Edik Beddoes in Blue Heron (TIFF)

Ghosts of the past haunt the documentary-style drama Blue Heron—ghosts of thoughts unspoken, ghosts of a family tragedy, and ghosts of what might have been. The powerful first part of Sophy Romvari’s semi-autobiographical story reveals a frightening family struggle (and the myriad problems it causes) through the eyes of a young girl, smartly depicting her overlapping childish confusion and gradual understanding. It’s this impressionistic, enigmatic tone that makes the work special and intriguing—like the youngster at the movie’s center, viewers grope to get a grip on something hard to fathom but scarily real.

The film introduces a freewheeling family with four kids. A Hungarian immigrant couple (Iringo Reti and Adam Tompa) have settled their brood on rural 1990s Vancouver Island in a ramshackle house surrounded by nature. Handheld camerawork follows eight-year-old Sasha (Eylul Guven) and the other children at play and mischief, while microphones pick up their offhand comments and the ambient noise of simply living.

It takes a while to grasp that something is wrong in this slice-of-life scenario. The woman’s son and the man’s stepson Jeremy (Edik Beddoes), a blond, bespectacled teenager, does not respond to the rhythms of life in the house. He pretends to be dead at one point, sprawled on the stairs out front. On another occasion, he incessantly pounds a basketball against a wall. In tense conversations, the parents argue over how to reach the boy. When the son is brought to the house handcuffed in police custody, we know Jeremy’s issues go beyond teen fooling around.

Expressionless and mostly shot in the middle distance, Jeremy remains something of an unknown. The way we learn about him is how we often find out about our own troubled family members—through hearsay. The mother discreetly tells her daughter to keep quiet about the boy’s behavior and refrain from inviting friends over to the family home. Jeremy and Sasha’s parents seem like decent, loving people, but their marriage is clearly under strain. An officious doctor recorded on tape lectures the mother while offering an unhelpful diagnosis, and social workers propose a solution that baffles and offends the family. Without conventional dramatic gestures propping up the narrative, we sense darkness ahead.

True to a somewhat withholding style, the film does not let us witness what happens to Jeremy. The narrative devotes itself to finding the origins of this emptiness and, in a quest for truth, starts to experiment with timelines that trace how the young man left the family. Actress Amy Zimmer steps in playing a young adult version of Sasha, a filmmaker.
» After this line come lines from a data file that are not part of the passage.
Lemma vpar_child (j : 'I_d) (t : j.-tuple 'I_k) (i : 'I_k) :
  vpar (vchild t i) = vin t.
Proof. by apply: vert_eq; rewrite //= /vseq /= -cats1 take_size_cat ?size_tuple. Qed.

Lemma vchild_neq_root (j : 'I_d) (t : j.-tuple 'I_k) (i : 'I_k) :
  vchild t i != vroot.
Proof. by apply/eqP => /(congr1 vdep). Qed.

Lemma vdep_prefix t n : (n <= d)%N -> vdep (vprefix t n) = n.
Proof. by move=> le_nd; rewrite /vdep /= inordK. Qed.

Lemma vseq_prefix t n : (n <= d)%N -> vseq (vprefix t n) = take n t.
Proof. by move=> le_nd; rewrite /vseq /= inordK. Qed.

Lemma vprefix0 t : vprefix t 0 = vroot.
Proof. by apply: vert_eq; rewrite ?vdep_prefix ?vseq_prefix ?take0. Qed.

Lemma vprefix_leaf t : vprefix t d = vleaf t.
Proof.
by apply: vert_eq; rewrite ?vdep_prefix ?vseq_prefix // take_oversize ?size_tuple.
Qed.

Lemma vpar_prefix t n : (n < d)%N -> vpar (vprefix t n.+1) = vprefix t n.
Proof.
move=> lt_nd; apply: vert_eq.
  by rewrite (vdep_prefix _ (ltnW lt_nd)) /vdep /= inordK.
by rewrite (vseq_prefix _ (ltnW lt_nd)) /vseq /= inordK // take_takel.
Qed.

Lemma vprefix_neq_root t n : (n < d)%N -> vprefix t n.+1 != vroot.
Proof. by move=> lt_nd; apply/eqP => /(congr1 vdep); rewrite vdep_prefix. Qed.

Lemma big_vert (R : Type) (idx : R) (op : Monoid.com_law idx) (F : vert k d -> R) :
  \big[op/idx]_v F v =
  \big[op/idx]_(j : 'I_d.+1) \big[op/idx]_(t : j.-tuple 'I_k) F (existT _ j t).
Proof.
rewrite (sig_big_dep (J := fun j : 'I_d.+1 => j.-tuple 'I_k) xpredT (fun _ _ => true)).
by apply: eq_bigr => -[].
Qed.

End TreeVertices.

Definition vweight (R : realType) (theta : R) k d (v : vert k d) (b : bool) : R :=
  if v == vroot k d then 2^-1 else bweight theta false b.

Definition vflip k d := @edge_flip (vert k d) (vroot k d) (@vpar k d).

Lemma bweight_addb (R : realType) (theta : R) a b :
  bweight theta a b = bweight theta false (b (+) a).
Proof. by case: a; case: b. Qed.

Lemma bjoint_flip (R : realType) (theta : R) k d (s : {ffun vert k d -> bool}) :
  bjoint theta s = \prod_v vweight theta v (vflip s v).
Proof.
rewrite big_vert big_ord_recl /bjoint; congr (_ * _).
  rewrite (big_pred1 [tuple]) => [|t]; last exact/esym/eqP/tuple0.
  by rewrite /vweight eqxx.
apply: eq_bigr => j _; symmetry.
pose vj (t : j.+1.-tuple 'I_k) : vert k d := existT _ (lift ord0 j) t.
rewrite (big_tuple_rcons _ (fun t => vweight theta (vj t) (vflip s (vj t)))).
apply: eq_bigr => t _; apply: eq_bigr => i _.
have -> : vj [tuple of rcons t i] = vchild t i by apply: vert_eq.
rewrite /vflip /edge_flip ffunE /vweight (negbTE (vchild_neq_root t i)).
by rewrite vpar_child -bweight_addb.
Qed.

Definition leaves k d (s : {ffun vert k d -> bool}) : {ffun d.-tuple 'I_k -> bool} :=
  [ffun t => s (vleaf t)].

Lemma leafLaw_event (R : realType) (theta : R) k d
    (E : pred {ffun d.-tuple 'I_k -> bool}) :
  \sum_(x | E x) leafLaw theta x = \sum_(s | E (leaves s)) bjoint theta s.
Proof.
rewrite -(big_fibers _ (@leaves k d)); apply: eq_bigr => x _; apply: eq_bigl => s.
apply/forallP/eqP => [s_x|<- t]; last by rewrite ffunE.
by apply/ffunP => t; rewrite ffunE; apply/eqP.
Qed.

Lemma sign_leaf (R : comNzRingType) k d (s : {ffun vert k d -> bool})
    (t : d.-tuple 'I_k) :
  (-1) ^+ s (vleaf t) = \prod_(i < d.+1) (-1) ^+ vflip s (vprefix t i) :> R.
Proof.
rewrite -vprefix_leaf; apply: sign_edge_flip_path; first exact: vprefix0.
by move=> i lt_id; rewrite vprefix_neq_root ?vpar_prefix.
Qed.

Section LeafPair.
Variables (k d p : nat) (a b : d.-tuple 'I_k).
Hypotheses (eq_below : take p a = take p b) (neq_at : take p.+1 a != take p.+1 b).

Lemma lca_depth_lt : (p < d)%N.
Proof.
rewrite ltnNge; apply: contra neq_at => le_dp.
by move: eq_below; rewrite !take_oversize ?size_tuple ?(leqW le_dp) // => ->.
Qed.

Lemma vprefix_eq_below n : (n <= p)%N -> vprefix a n = vprefix b n.
Proof.
move=> le_np; have le_nd := leq_trans le_np (ltnW lca_depth_lt).
apply: vert_eq; first by rewrite !vdep_prefix.
by rewrite !vseq_prefix // -(take_takel a le_np) eq_below take_takel.
Qed.

Lemma vprefix_neq_above n n' : (p < n)%N -> (n <= d)%N -> (n' <= d)%N ->
  vprefix a n != vprefix b n'.
Proof.
move=> lt_pn le_nd le_n'd; apply/eqP => eq_ab.
have eq_nn' : n = n' by rewrite -(vdep_prefix a le_nd) -(vdep_prefix b le_n'd) eq_ab.
move: eq_ab neq_at => /(congr1 (@vseq k d)); rewrite -eq_nn' !vseq_prefix // => eq_ab.
by rewrite -(take_takel a lt_pn) eq_ab take_takel ?eqxx.
Qed.

Definition lca_branch (i : 'I_(d - p) * bool) : vert k d :=
  vprefix (if i.2 then b else a) (i.1 + p.+1).

Lemma lca_branch_depth (x : 'I_(d - p)) : (x + p.+1 <= d)%N.
Proof. by have := ltn_ord x; have := lca_depth_lt; lia. Qed.

Lemma lca_branch_inj : injective lca_branch.
Proof.
move=> [x q] [x' q'] /= eq_xq.
have := congr1 (@vdep k d) eq_xq; rewrite !vdep_prefix ?lca_branch_depth // => /addIn.
move=> /val_inj /= eq_x; subst x'; congr pair.
have lt_px : (p < x + p.+1)%N by rewrite addnS ltnS leq_addl.
have neq_ab := vprefix_neq_above lt_px (lca_branch_depth x) (lca_branch_depth x).
case: q q' eq_xq => -[] //; rewrite /lca_branch /= => eq_ab.
  by rewrite eq_ab eqxx in neq_ab.
by rewrite eq_ab eqxx in neq_ab.
Qed.

(* The vertices strictly below the lowest common ancestor (at depth [p]) of
   the leaves [a] and [b], on the paths towards them. *)
Definition lca_paths : {set vert k d} := lca_branch @: setT.

Lemma card_lca_paths : #|lca_paths| = (2 * (d - p))%N.
Proof.
rewrite card_imset ?cardsT ?card_prod ?card_ord ?card_bool 1?mulnC //.
exact: lca_branch_inj.
Qed.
She questions a symposium of real-life social workers about how her brother could have been helped; the ensuing dialogue feels earnest, well-meaning, and slightly out of place, although it does serve the purpose of exposing the depth of Jeremy’s delusions. The film also poses the grown-up Sasha as a social worker going back in time to confront her parents. These developments can be initially confusing. Still, the ache of memory persists.

Blue Heron leaves a bereft sensation and an absence at its heart—the loss of a young man and everything his family lost with him. Nothing remains but questions that no one can answer, perhaps the most haunting questions of all.